My friend Jill came to hear me DJ two weeks ago. I played a Caro track, and she asked, “Which kind of dance music is this?” I told her house; she was confused—to her, “house” means pianos, 1987 to 1990 or so. The truth is that I couldn’t care less about the more niggling end of dance-music genre distinctions except in an umbrella-term way, so I struggled with further explanation. But parsing those semantics is a way to approach something like dance music, or “world” music, where finding out about the unfamiliar is part of the appeal. And “world” has been making increasingly up-front gains on the popular imagination—not so much via Marley-type global superstars (close as artists from Shakira to Manu Chao to M.I.A. have or may yet come) as foreign pop having become normalized, the same way iPod culture is said (rightly, I think) to have propagated a more directly pro-pop (or at least not anti-pop) stance among indie fans.

This is a greater gain in consumer terms than purely in musical ones—at least right now. Your town may have a lousy Gypsy-punk band or two, or a DJ who’s experimenting with some of the stuff she’s gotten to know thanks to a gateway like M.I.A., or another band that’s preparing, appearances be damned, to go Vampire Weekend a step further by really nailing that loose-slip groove on all those Franco reissues and trying to write songs to match. What it’ll lead to over the next five years is too murky to predict—a pile of good records, I imagine, if nothing else.

But if there’s nothing else, what good are the records? Focusing my listening has made it obvious how forest-for-trees serious listening has become in the larger culture. (I’d say “larger picture,” too, but that’s not really news at this point.) Because I’m not willy-nilly downloading stuff that, put together in a playlist, might give the appearance of a nascent narrative for the month or year or epoch, I’m not thinking of or hearing music quite that way right now.
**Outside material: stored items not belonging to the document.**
(* Let $G$ be a graph, $\mathcal{C}=\{1,\dots,q\}$ a set of colors, $\lambda:E(G)\to 2^{\mathcal{C}}\setminus\{\emptyset\}$, and $\gamma:\{(e,c)\mid e\in E(G),c\in\lambda(e)\}\to\mathbb{Q}_{\ge 0}$. Construct $G'$ as follows: for each $c\in\mathcal{C}$ let $G_c$ be a copy of $G$ with vertex set $V(G_c)=\{v_c\mid v\in V(G)\}$ containing exactly the edges $\{v_c,w_c\}$ with $\{v,w\}\in E(G)$ and $c\in\lambda(\{v,w\})$, of weight $\gamma'(\{v_c,w_c\})=\gamma(\{v,w\},c)$; for each $v\in V(G)$ add an independent set $J(v)$ of $q-1$ new vertices and all edges $\{v_c,x\}$ for $c\in\mathcal{C}$, $x\in J(v)$, each of weight $0$. Let $J=\bigcup_{v\in V(G)}J(v)$, partition $V(G')$ as $V(G_1)\uplus\dots\uplus V(G_q)\uplus J$, and let $H'$ be the graph with vertex set $\{V(G_1),\dots,V(G_q),J\}$ whose edges are exactly one self-loop $\{V(G_c),V(G_c)\}$ for each $c\in\mathcal{C}$. Then for every $\ell$, $G$ has a perfect over-the-rainbow matching of weight $\ell$ if and only if $G'$ has a perfect conjoining matching (with respect to $H'$ and this partition) of weight $\ell$.
   Context: A perfect over-the-rainbow matching of $G$ is a pair $(M,\xi)$ where $M$ is a perfect matching of $G$ and $\xi:M\to\mathcal{C}$ is surjective with $\xi(e)\in\lambda(e)$ for all $e\in M$; its weight is $\sum_{e\in M}\gamma(e,\xi(e))$. Given a graph $G'$ with edge weights, a partition $V(G')=V_1\uplus\dots\uplus V_t$, and a graph $H'$ (possibly with self-loops) on vertex set $\{V_1,\dots,V_t\}$, a perfect conjoining matching is a perfect matching $M'$ of $G'$ such that for every edge $\{V_i,V_j\}\in E(H')$ (with $i=j$ for a self-loop) there is an edge $\{u,v\}\in M'$ with $u\in V_i$ and $v\in V_j$; its weight is the sum of the weights of its edges. *)

From mathcomp Require Import all_boot all_order all_algebra.
Set Implicit Arguments. Unset Strict Implicit. Unset Printing Implicit Defensive.
Import Order.TTheory GRing.Theory Num.Theory.
Local Open Scope ring_scope.

Definition simple_edges (V : finType) (E : {set {set V}}) : bool :=
  [forall e in E, #|e| == 2%N].

Definition perfect_matching (V : finType) (E M : {set {set V}}) : bool :=
  (M \subset E) && [forall v : V, #|[set f in M | v \in f]| == 1%N].

Definition over_the_rainbow (V : finType) (q : nat) (E : {set {set V}})
    (lam : {set V} -> {set 'I_q}) (M : {set {set V}}) (xi : {set V} -> 'I_q) : Prop :=
  perfect_matching E M /\
  (forall e, e \in M -> xi e \in lam e) /\
  (forall c : 'I_q, exists2 e, e \in M & xi e = c).

Definition otr_weight (V : finType) (q : nat) (gam : {set V} -> 'I_q -> rat)
    (M : {set {set V}}) (xi : {set V} -> 'I_q) : rat :=
  \sum_(e in M) gam e (xi e).

(* Perfect conjoining matching of (V', E') w.r.t. a partition of V' given by
   part : V' -> P (the block containing a vertex) and a graph H' on the blocks
   whose edges are given as pairs (i, j) (i = j for a self-loop). *)
Definition conjoining (V' P : finType) (E' M : {set {set V'}})
    (part : V' -> P) (H : {set P * P}) : bool :=
  perfect_matching E' M &&
  [forall ij in H, [exists f in M, exists u, exists v,
     [&& u \in f, v \in f, u != v, part u == ij.1 & part v == ij.2]]].

Definition set_weight (V' : finType) (w : {set V'} -> rat) (M : {set {set V'}}) : rat :=
  \sum_(f in M) w f.

(* The construction of G'.  Vertices: inl (v, c) is v_c in G_c;
   inr (v, j) (j < q - 1) are the q - 1 vertices of J(v). *)
Definition Vp (V : finType) (q : nat) : finType := ((V * 'I_q) + (V * 'I_q.-1))%type.

Definition copy_edge (V : finType) (q : nat) (e : {set V}) (c : 'I_q) : {set Vp V q} :=
  [set inl (x, c) | x in e].

Definition Ep (V : finType) (q : nat) (E : {set {set V}}) (lam : {set V} -> {set 'I_q})
    : {set {set Vp V q}} :=
  [set f : {set Vp V q} | [exists e in E, exists c : 'I_q,
       (c \in lam e) && (f == copy_edge e c)]]
  :|: [set f : {set Vp V q} | [exists v : V, exists c : 'I_q, exists j : 'I_q.-1,
       f == [set inl (v, c); inr (v, j)]]].

(* gamma'({v_c, w_c}) = gamma({v,w}, c); edges incident to J get weight 0. *)
Definition gamp (V : finType) (q : nat) (E : {set {set V}}) (lam : {set V} -> {set 'I_q})
    (gam : {set V} -> 'I_q -> rat) (f : {set Vp V q}) : rat :=
  match [pick ec : {set V} * 'I_q |
           [&& ec.1 \in E, ec.2 \in lam ec.1 & f == copy_edge ec.1 ec.2]] with
  | Some ec => gam ec.1 ec.2
  | None => 0
  end.

(* Partition of V(G'): block Some c is V(G_c), block None is J. *)
Definition partp (V : finType) (q : nat) (x : Vp V q) : option 'I_q :=
  match x with inl (_, c) => Some c | inr _ => None end.

Definition Hp (q : nat) : {set option 'I_q * option 'I_q} :=
  [set (Some c, Some c) | c : 'I_q].

From mathcomp Require Import all_boot all_order all_algebra.
Set Implicit Arguments. Unset Strict Implicit. Unset Printing Implicit Defensive.
Import Order.TTheory GRing.Theory Num.Theory.
Local Open Scope ring_scope.

(* A rainbow matching (M, xi) lifts to G' by copying each edge e into the layer
   G_(xi e); at a vertex v only the copy v_c with c the colour of the edge at v
   is then used, and the q - 1 other copies are matched bijectively to J(v).
   Conversely, in a perfect matching of G' the q - 1 vertices of J(v) use up
   q - 1 distinct copies of v, so exactly one copy of v is matched inside a
   layer; projecting the layer edges back to G gives a perfect matching whose
   colouring is read off the layers, and the self-loops of H' make every colour
   occur.  Edges at J have weight 0, so the weights agree. *)

Section PerfectMatching.
Variables (T : finType) (E M : {set {set T}}).

Lemma perfect_matching_sub : perfect_matching E M -> M \subset E.
Proof. by case/andP. Qed.

Lemma perfect_matching_cover x :
  perfect_matching E M -> exists2 f, f \in M & x \in f.
Proof.
case/andP=> _ /forallP/(_ x)/cards1P[f0 Mx].
by have := set11 f0; rewrite -Mx inE => /andP[]; exists f0.
Qed.

Lemma perfect_matching_eq x f1 f2 : perfect_matching E M ->
  f1 \in M -> f2 \in M -> x \in f1 -> x \in f2 -> f1 = f2.
Proof.
case/andP=> _ /forallP/(_ x)/cards1P[f0 Mx] f1M f2M xf1 xf2.
have : f1 \in [set f in M | x \in f] by rewrite inE f1M xf1.
have : f2 \in [set f in M | x \in f] by rewrite inE f2M xf2.
by rewrite Mx !inE => /eqP-> /eqP->.
Qed.

Lemma perfect_matchingI : M \subset E ->
  (forall x, exists2 f, f \in M & x \in f) ->
  (forall x f1 f2, f1 \in M -> f2 \in M -> x \in f1 -> x \in f2 -> f1 = f2) ->
  perfect_matching E M.
Proof.
move=> sME cover disj; rewrite /perfect_matching sME; apply/forallP=> x.
have [f0 f0M xf0] := cover x; apply/cards1P; exists f0; apply/setP=> f.
rewrite !inE; apply/andP/eqP=> [[fM xf]|->//]; exact: disj xf xf0.
Qed.

Lemma perfect_matching_vertex_fun (R : Type) (h : {set T} -> R) :
  perfect_matching E M ->
  exists g : T -> R, forall x f, f \in M -> x \in f -> g x = h f.
Proof.
move=> PM; suff /fin_all_exists[g gh] : forall x, exists r : R,
    forall f, f \in M -> x \in f -> r = h f by exists g.
move=> x; have [f0 f0M xf0] := perfect_matching_cover x PM.
by exists (h f0) => f fM xf; rewrite (perfect_matching_eq PM fM f0M xf xf0).
Qed.

End PerfectMatching.

Lemma simple_edge_neq0 (V : finType) (E : {set {set V}}) e :
  simple_edges E -> e \in E -> e != set0.
Proof.
move=> /forallP/(_ e)/implyP sE /sE/cards2P[x [y [_ ->]]].
by apply/set0Pn; exists x; rewrite set21.
Qed.

Section Construction.
Variables (V : finType) (q : nat).

Definition jedge (v : V) (c : 'I_q) (j : 'I_q.-1) : {set Vp V q} :=
  [set inl (v, c); inr (v, j)].

Definition copy_matching (M : {set {set V}}) (xi : {set V} -> 'I_q) :
    {set {set Vp V q}} :=
  [set copy_edge e (xi e) | e in M].

Lemma mem_copy_edge_inl (e : {set V}) (c : 'I_q) y d :
  (inl (y, d) \in copy_edge e c) = (y \in e) && (d == c).
Proof.
by apply/imsetP/andP=> [[x xe [-> ->]]|[ye /eqP->]]; last exists y.
Qed.

Lemma mem_copy_edge_inr (e : {set V}) (c : 'I_q) z :
  (inr z \in copy_edge e c) = false.
Proof. by apply/imsetP=> -[]. Qed.

Lemma copy_edge_inj (e e' : {set V}) (c c' : 'I_q) : e != set0 ->
  copy_edge e c = copy_edge e' c' -> e = e' /\ c = c'.
Proof.
case/set0Pn=> y ye ee'.
have := mem_copy_edge_inl e c y c; rewrite ee' mem_copy_edge_inl ye eqxx.
case/andP=> _ /eqP cc'; split=> //; apply/setP=> x; subst c'.
by have := mem_copy_edge_inl e c x c; rewrite ee' mem_copy_edge_inl eqxx !andbT.
Qed.

Lemma mem_jedge_inl v c j w d :
  (inl (w, d) \in jedge v c j) = (w == v) && (d == c).
Proof. by rewrite !inE -!sum_eqE /= orbF xpair_eqE. Qed.

Lemma mem_jedge_inr v c j w k :
  (inr (w, k) \in jedge v c j) = (w == v) && (k == j).
Proof. by rewrite !inE -!sum_eqE /= xpair_eqE. Qed.

Lemma jedge_inj v c j w d k :
  jedge v c j = jedge w d k -> [/\ v = w, c = d & j = k].
Proof.
move=> vw; have := mem_jedge_inl v c j v c; have := mem_jedge_inr v c j v j.
by rewrite vw mem_jedge_inl mem_jedge_inr !eqxx => /andP[/eqP-> /eqP->] /andP[_ /eqP->].
Qed.

Section Edges.
Variables (E : {set {set V}}) (lam : {set V} -> {set 'I_q}).

Variant Ep_spec (f : {set Vp V q}) : Prop :=
  | EpCopy e c of e \in E & c \in lam e & f = copy_edge e c
  | EpJ v c j of f = jedge v c j.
That will change as I up the amount of new stuff I’m listening to, but I could easily see myself caring about that less. It’s already happening, largely because this is a rotten time for freelancing: I’ve had far fewer assignments this month than the last two Januaries, when I was slowly getting back to speed after putting together critics polls, and without stuff to review I don’t listen to as many new CDs. This will likely continue through the year—there aren’t as many places to write, at least not for pay. That said, if I wind up caring less about music-as-it-evolves, that’s fine; there’s still a lot of music-as-it-evolved waiting to be explored.

1 comment:

  1. This precisely articulates how I've been feeling about music over the last few years, and this is coming from someone who could throw together top ten albums and 100-song playlists without straining that hard -- though I admit that I would probably do a lot of revising on '03/'04/'0etc. editions if I went back to them. I'm wondering how things would feel for me if I didn't devote about 80% of my listening time to music that was released at least ten years ago. (Maybe I should try going a month or two without listening to anything released before, say, 2006.)